▶ _Dataset excerpts_
(* For every integer $d \geq 1$ there exist a strictly increasing sequence $(a_n)_{n\geq1}$ of positive integers and a constant $c > 0$ such that $$\frac{a_{n+1}}{a_n} > 1 + \frac{c}{a_n^{1/d}} \qquad \text{for all } n \in \mathbb{N},$$ and such that for almost all $\alpha \in \mathbb{R}$ the discrepancy $D_N$ of $(\{a_n\alpha\})_{n\geq1}$ satisfies $N D_N = O\big((\log N)^{2+\varepsilon}\big)$ as $N\to\infty$, for every $\varepsilon > 0$.
   Context: For real $x$, $\{x\}$ denotes the fractional part of $x$. For a sequence $(x_n)_{n\ge1}$ in $[0,1)$, its discrepancy is $$D_N = \sup_{0 \leq a < b \leq 1} \left| \frac{A_N([a,b))}{N} - (b-a) \right|, \qquad A_N([a,b)) = \#\{1 \leq n \leq N : x_n \in [a,b)\}.$$ *)

From Stdlib Require Import Reals Lra Lia.
Open Scope R_scope.

Fixpoint count_in (x : nat -> R) (a b : R) (N : nat) : nat :=
  match N with
  | O => O
  | S M => (count_in x a b M +
            (if Rle_dec a (x (S M)) then
               if Rlt_dec (x (S M)) b then 1 else 0
             else 0))%nat
  end.

Lemma count_in_le x a b N : (count_in x a b N <= N)%nat.
Proof.
  induction N as [|N IH]; simpl; [lia|].
  destruct (Rle_dec a (x (S N))); [destruct (Rlt_dec (x (S N)) b)|]; lia.
Qed.

Definition disc_set (x : nat -> R) (N : nat) (v : R) : Prop :=
  exists a b, 0 <= a < b /\ b <= 1 /\
    v = Rabs (INR (count_in x a b N) / INR N - (b - a)).

Lemma ratio_01 x a b N : 0 <= INR (count_in x a b N) / INR N <= 1.
Proof.
  destruct N as [|N].
  - simpl. unfold Rdiv. rewrite Rmult_0_l. lra.
  - pose proof (count_in_le x a b (S N)) as H.
    apply le_INR in H. pose proof (pos_INR (count_in x a b (S N))).
    assert (0 < INR (S N)) by (apply lt_0_INR; lia).
    split.
    + unfold Rdiv; apply Rmult_le_pos; [lra| left; apply Rinv_0_lt_compat; lra].
    + apply (Rmult_le_reg_r (INR (S N))); [lra|].
      unfold Rdiv. rewrite Rmult_assoc, Rinv_l by lra. lra.
Qed.

Lemma disc_set_bound x N : bound (disc_set x N).
Proof.
  exists 1. intros v [a [b [Hab [Hb ->]]]].
  pose proof (ratio_01 x a b N). apply Rabs_le. lra.
Qed.

Lemma disc_set_ne x N : exists v, disc_set x N v.
Proof. exists (Rabs (INR (count_in x 0 1 N) / INR N - (1 - 0))), 0, 1. repeat split; lra. Qed.

Definition discrepancy (x : nat -> R) (N : nat) : R :=
  proj1_sig (completeness (disc_set x N) (disc_set_bound x N) (disc_set_ne x N)).

(* Lebesgue-null subset of R: coverable by countably many intervals of
   arbitrarily small total length. *)
Definition null_set (S : R -> Prop) : Prop :=
  forall eps, 0 < eps ->
    exists l u : nat -> R,
      (forall k, l k <= u k) /\
      (forall y, S y -> exists k, l k <= y <= u k) /\
      (forall n, sum_f_R0 (fun k => u k - l k) n <= eps).

From Stdlib Require Import Reals Lra Lia ZArith List Permutation.
From Stdlib Require Import Classical IndefiniteDescription Cantor.
Open Scope R_scope.

(* Split the indices into blocks [B_j <= n < B_(j+1)], [B_j = 2^(2^j - 1)] ([block_start]), and
   let [a_n = t_j n] on block [j], with [t_j = B_(j+1)^(d-1)] ([block_mult]). Then [a_n >= n^d], so
   the gap [t_j = a_n / n] gives the growth condition. On block [j] the points [{a_n alpha}] are the
   rotation by [t_j alpha]. If [t_j alpha] is badly approximable with weight
   [w_j = (j+1)^2 2^(j+2)] ([dioph_weight]) by fractions of denominator at most [B_(j+1)], the
   Dirichlet-Ostrowski recursion bounds the counting error on any stretch of block [j] by
   [4 w_j log_2 B_(j+1) = O(j^3 4^j)]; summing over the blocks below [N] gives
   [O((log N)^2 (log log N)^3)]. In a unit interval the [alpha] failing the condition at level [j]
   have measure [O(1/j^2)], so by Borel-Cantelli almost every [alpha] fails it only finitely
   often. *)

Definition block_start (j : nat) : nat := (2 ^ (2 ^ j - 1))%nat.

Definition block_mult (d j : nat) : nat := (block_start (S j) ^ (d - 1))%nat.

Definition block_index (n : nat) : nat := Nat.log2 (Nat.log2 n + 1).

Definition lac_seq (d n : nat) : nat := (block_mult d (block_index n) * n)%nat.

Lemma block_start_pos j : (1 <= block_start j)%nat.
Proof. unfold block_start. pose proof (Nat.pow_nonzero 2 (2 ^ j - 1)). lia. Qed.

Lemma block_start_le i j : (i <= j)%nat -> (block_start i <= block_start j)%nat.
Proof.
  intros H. unfold block_start. apply Nat.pow_le_mono_r; [lia|].
  pose proof (Nat.pow_le_mono_r 2 i j). lia.
Qed.

Lemma block_mult_pos d j : (1 <= block_mult d j)%nat.
Proof.
  unfold block_mult. pose proof (block_start_pos (S j)).
  pose proof (Nat.pow_nonzero (block_start (S j)) (d - 1)). lia.
Qed.

Lemma block_mult_le d i j : (i <= j)%nat -> (block_mult d i <= block_mult d j)%nat.
Proof. intros H. apply Nat.pow_le_mono_l, block_start_le. lia. Qed.

Lemma block_index_spec n : (1 <= n)%nat ->
  (block_start (block_index n) <= n < block_start (S (block_index n)))%nat.
Proof.
  intros Hn. unfold block_index, block_start.
  set (k := Nat.log2 n).
  destruct (Nat.log2_spec n) as [H1 H2]; [lia|].
  destruct (Nat.log2_spec (k + 1)) as [H3 H4]; [lia|].
  set (j := Nat.log2 (k + 1)) in *. fold k in H1, H2.
  rewrite Nat.pow_succ_r' in H4 |- *. clearbody k j.
  split.
  - eapply Nat.le_trans; [|apply H1]. apply Nat.pow_le_mono_r; lia.
  - eapply Nat.lt_le_trans; [apply H2|]. apply Nat.pow_le_mono_r; lia.
Qed.

Lemma block_index_le n m : (n <= m)%nat -> (block_index n <= block_index m)%nat.
Proof.
  intros H. apply Nat.log2_le_mono.
  pose proof (Nat.log2_le_mono n m H). lia.
Qed.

▶ _Task item_
Repeat exactly, and only, the lines from the line with "Lemma block_mult_pos d" through the end of the listing above, both ends included.

▶ _The completed task_
Lemma block_mult_pos d j : (1 <= block_mult d j)%nat.
Proof.
  unfold block_mult. pose proof (block_start_pos (S j)).
  pose proof (Nat.pow_nonzero (block_start (S j)) (d - 1)). lia.
Qed.

Lemma block_mult_le d i j : (i <= j)%nat -> (block_mult d i <= block_mult d j)%nat.
Proof. intros H. apply Nat.pow_le_mono_l, block_start_le. lia. Qed.

Lemma block_index_spec n : (1 <= n)%nat ->
  (block_start (block_index n) <= n < block_start (S (block_index n)))%nat.
Proof.
  intros Hn. unfold block_index, block_start.
  set (k := Nat.log2 n).
  destruct (Nat.log2_spec n) as [H1 H2]; [lia|].
  destruct (Nat.log2_spec (k + 1)) as [H3 H4]; [lia|].
  set (j := Nat.log2 (k + 1)) in *. fold k in H1, H2.
  rewrite Nat.pow_succ_r' in H4 |- *. clearbody k j.
  split.
  - eapply Nat.le_trans; [|apply H1]. apply Nat.pow_le_mono_r; lia.
  - eapply Nat.lt_le_trans; [apply H2|]. apply Nat.pow_le_mono_r; lia.
Qed.

Lemma block_index_le n m : (n <= m)%nat -> (block_index n <= block_index m)%nat.
Proof.
  intros H. apply Nat.log2_le_mono.
  pose proof (Nat.log2_le_mono n m H). lia.
Qed.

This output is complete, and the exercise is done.